■ **Exercise directions**: This exercise calls for the line with "- dickson m", the line with "qbinom R M.+1.*2 1 * ('X^2", and all lines between them in the material below, output exactly and with no other lines.

Start of Records to use

Fixpoint dickson (n : nat) : R :=
  match n with
  | 0 => 2%:R
  | 1 => u
  | (m.+1 as m1).+1 => u * dickson m1 - dickson m
  end.

Lemma dickson_distnS (i M : nat) :
  u * dickson `|i - M|%N = dickson `|i.+1 - M|%N + dickson `|i - M.+1|%N.
Proof.
have rec n : u * dickson n.+1 = dickson n.+2 + dickson n by rewrite /= addrNK.
case: (ltngtP i M) => h.
- have -> : `|i - M|%N = (`|i.+1 - M|%N).+1 by lia.
  by rewrite rec (addrC (dickson _.+2)); congr (dickson _ + dickson _); lia.
- have -> : `|i - M|%N = (`|i - M.+1|%N).+1 by lia.
  by rewrite rec; congr (dickson _ + dickson _); lia.
- by subst i; rewrite distnn distSn distnS /= mulr_natr mulr2n.
Qed.

Definition jtp_factor (j : nat) : {poly R} :=
  1 + u%:P * 'X^(j.*2.+1) + 'X^((j.*2.+1).*2).

Definition jtp_coef (M i : nat) : {poly R} := qbinom R M.*2 i * 'X^(`|i - M|%N ^ 2).

Lemma jtp_coef_small M i : (M.*2 < i)%N -> jtp_coef M i = 0.
Proof. by move=> h; rewrite /jtp_coef qbinom_small // mul0r. Qed.

Lemma jtp_coefS0 M : jtp_coef M.+1 0 = 'X^(M.*2.+1) * jtp_coef M 0.
Proof.
rewrite /jtp_coef !qbinomn0 !mul1r -exprD; congr 'X^_.
have -> : `|0 - M.+1|%N = M.+1 by lia.
have -> : `|0 - M|%N = M by lia.
rewrite !expnS expn0; lia.
Qed.

Lemma jtp_coefS1 M : jtp_coef M.+1 1 =
  (1 + 'X^((M.*2.+1).*2)) * jtp_coef M 0 + 'X^(M.*2.+1) * jtp_coef M 1.
Proof.
rewrite /jtp_coef doubleS qbinomSS1 qbinomn0 mul1r.
case: M => [|M]; first by rewrite /= !(mulr0, mul0r, addr0, expr0, mulr1).
have -> : `|1 - M.+2|%N = M.+1 by lia.
have -> : `|1 - M.+1|%N = M by lia.
have -> : 'X^(M.+1.*2.+1) * (qbinom R M.+1.*2 1 * 'X^(M ^ 2)) =
          qbinom R M.+1.*2 1 * ('X^2 * 'X^(M.+1 ^ 2)).
  by rewrite mulrCA -!exprD; congr (_ * 'X^_); rewrite !expnS expn0; lia.
ring.
Qed.

Lemma jtp_coefSS M i : jtp_coef M.+1 i.+2 = 'X^(M.*2.+1) * jtp_coef M i +
  (1 + 'X^((M.*2.+1).*2)) * jtp_coef M i.+1 + 'X^(M.*2.+1) * jtp_coef M i.+2.
Proof.
case: (ltnP M.*2 i) => h; first by rewrite !jtp_coef_small ?(mulr0, addr0) //; lia.
rewrite /jtp_coef doubleS qbinomSS (_ : `|i.+2 - M.+1|%N = `|i.+1 - M|%N); last by lia.
have -> : 'X^(M.*2.+1) * (qbinom R M.*2 i * 'X^(`|i - M|%N ^ 2)) =
          qbinom R M.*2 i * ('X^((M.*2 - i).*2) * 'X^(`|i.+1 - M|%N ^ 2)).
  by rewrite mulrCA -!exprD; congr (_ * 'X^_); rewrite !expnS !expn0; nia.
have -> : 'X^(M.*2.+1) * (qbinom R M.*2 i.+2 * 'X^(`|i.+2 - M|%N ^ 2)) =
          qbinom R M.*2 i.+2 * ('X^(i.+2.*2) * 'X^(`|i.+1 - M|%N ^ 2)).
  by rewrite mulrCA -!exprD; congr (_ * 'X^_); rewrite !expnS !expn0; nia.
ring.
Qed.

End of Records to use

■ **Exercise response**:
  | (m.+1 as m1).+1 => u * dickson m1 - dickson m
  end.

Lemma dickson_distnS (i M : nat) :
  u * dickson `|i - M|%N = dickson `|i.+1 - M|%N + dickson `|i - M.+1|%N.
Proof.
have rec n : u * dickson n.+1 = dickson n.+2 + dickson n by rewrite /= addrNK.
case: (ltngtP i M) => h.
- have -> : `|i - M|%N = (`|i.+1 - M|%N).+1 by lia.
  by rewrite rec (addrC (dickson _.+2)); congr (dickson _ + dickson _); lia.
- have -> : `|i - M|%N = (`|i - M.+1|%N).+1 by lia.
  by rewrite rec; congr (dickson _ + dickson _); lia.
- by subst i; rewrite distnn distSn distnS /= mulr_natr mulr2n.
Qed.

Definition jtp_factor (j : nat) : {poly R} :=
  1 + u%:P * 'X^(j.*2.+1) + 'X^((j.*2.+1).*2).

Definition jtp_coef (M i : nat) : {poly R} := qbinom R M.*2 i * 'X^(`|i - M|%N ^ 2).

Lemma jtp_coef_small M i : (M.*2 < i)%N -> jtp_coef M i = 0.
Proof. by move=> h; rewrite /jtp_coef qbinom_small // mul0r. Qed.

Lemma jtp_coefS0 M : jtp_coef M.+1 0 = 'X^(M.*2.+1) * jtp_coef M 0.
Proof.
rewrite /jtp_coef !qbinomn0 !mul1r -exprD; congr 'X^_.
have -> : `|0 - M.+1|%N = M.+1 by lia.
have -> : `|0 - M|%N = M by lia.
rewrite !expnS expn0; lia.
Qed.

Lemma jtp_coefS1 M : jtp_coef M.+1 1 =
  (1 + 'X^((M.*2.+1).*2)) * jtp_coef M 0 + 'X^(M.*2.+1) * jtp_coef M 1.
Proof.
rewrite /jtp_coef doubleS qbinomSS1 qbinomn0 mul1r.
case: M => [|M]; first by rewrite /= !(mulr0, mul0r, addr0, expr0, mulr1).
have -> : `|1 - M.+2|%N = M.+1 by lia.
have -> : `|1 - M.+1|%N = M by lia.
have -> : 'X^(M.+1.*2.+1) * (qbinom R M.+1.*2 1 * 'X^(M ^ 2)) =
          qbinom R M.+1.*2 1 * ('X^2 * 'X^(M.+1 ^ 2)).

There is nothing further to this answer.